▶ [ASSIGNED TASK]
Which lines hold the word "Implicit"? Copy each of them from the material.

========================

(* Let $\mathcal{T}$ be a trim transducer with a single initial state. Then $\mathcal{W}(\mathcal{T})$ and $\mathcal{T}$ are equivalent, i.e. $[\![\mathcal{W}(\mathcal{T})]\!]=[\![\mathcal{T}]\!]$. Moreover, if $\mathcal{T}$ satisfies the weak twinning property, then $\mathcal{W}(\mathcal{T})$ is finite, and it is a multi-transducer.
   Context: $\mathcal{T}=(Q,E,I,F,f)$ is a transducer: finite state set $Q$, initial states $I$, final states $F$, transitions $E\subseteq Q\times\Sigma\times\Gamma^*\times Q$, final output $f:F\to\Gamma^*$; it realises $[\![\mathcal{T}]\!]=\{(u,wf(t)) : i\xrightarrow{u\mid w}t,\ i\in I,\ t\in F\}$ where $i\xrightarrow{u\mid w}t$ is a run reading $u$ and outputting $w$; trim means every state lies on a run from an initial to a final state. A multi-transducer is like a transducer except that the final output function maps final states to finite sets of words, and it realises $\{(u,wx): i\xrightarrow{u\mid w}t,\ x\in f(t)\}$ (possibly with infinitely many states). Determinisation $\bar{\mathcal{D}}(\mathcal{T})$: its states are the finite subsets $U$ of $Q\times\Gamma^*$. For such $U$ and $\sigma\in\Sigma$, let $R_{U,\sigma}=\{(q,uv) : (p,u)\in U,\ (p,\sigma,v,q)\in E\}$, let $w_{U,\sigma}$ be the longest common prefix of the words $\{w : (q,w)\in R_{U,\sigma}\text{ for some }q\}$ (taken to be $\epsilon$ if this set is empty), and $P_{U,\sigma}=\{(q,w) : (q,w_{U,\sigma}w)\in R_{U,\sigma}\}$. The transitions of $\bar{\mathcal{D}}(\mathcal{T})$ are $(U,\sigma,w_{U,\sigma},P_{U,\sigma})$ for all $U,\sigma$; the initial state is $U_0=I\times\{\epsilon\}$; final states are the $U$ with $U\cap(F\times\Gamma^* )\neq\emptyset$, with final output set $\{wf(q) : q\in F,\ (q,w)\in U\}$. Rank: $n_U$ is the set of strongly connected components of $\mathcal{T}$ reachable from the states $q$ with $(q,w)\in U$ for some $w$. $\bar{\mathcal{W}}(\mathcal{T})$ is obtained from $\bar{\mathcal{D}}(\mathcal{T})$ by removing every transition $(U,\sigma,v,U')$ with $n_{U'}\subsetneq n_U$ and replacing it by the transitions $(U,\sigma,vw,\{(q,\epsilon)\})$ for all $(q,w)\in U'$. The weak determinisation $\mathcal{W}(\mathcal{T})$ is the trim part of $\bar{\mathcal{W}}(\mathcal{T})$ (restriction to states lying on some run from the initial state to a final state). $\Delta(v,w)=v^{-1}w$ in the free group over $\Gamma$. $\mathcal{T}$ satisfies the weak twinning property if for all states $q_1,q_2$, all $u,v\in\Sigma^*$ and $u_1,u_2,v_1,v_2\in\Gamma^*$ with $q_1\xrightarrow{u\mid u_1}q_1$, $q_1\xrightarrow{v\mid v_1}q_1$, $q_1\xrightarrow{u\mid u_2}q_2$, $q_2\xrightarrow{v\mid v_2}q_2$, one has $\Delta(u_1,u_2)=\Delta(u_1v_1,u_2v_2)$. *)

From HB Require Import structures.
From mathcomp Require Import all_boot finmap.
Set Implicit Arguments.
Unset Strict Implicit.
Unset Printing Implicit Defensive.
Local Open Scope fset_scope.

========================

▶ [ANSWER TO THIS PROBLEM]
Set Implicit Arguments.
Unset Strict Implicit.
Unset Printing Implicit Defensive.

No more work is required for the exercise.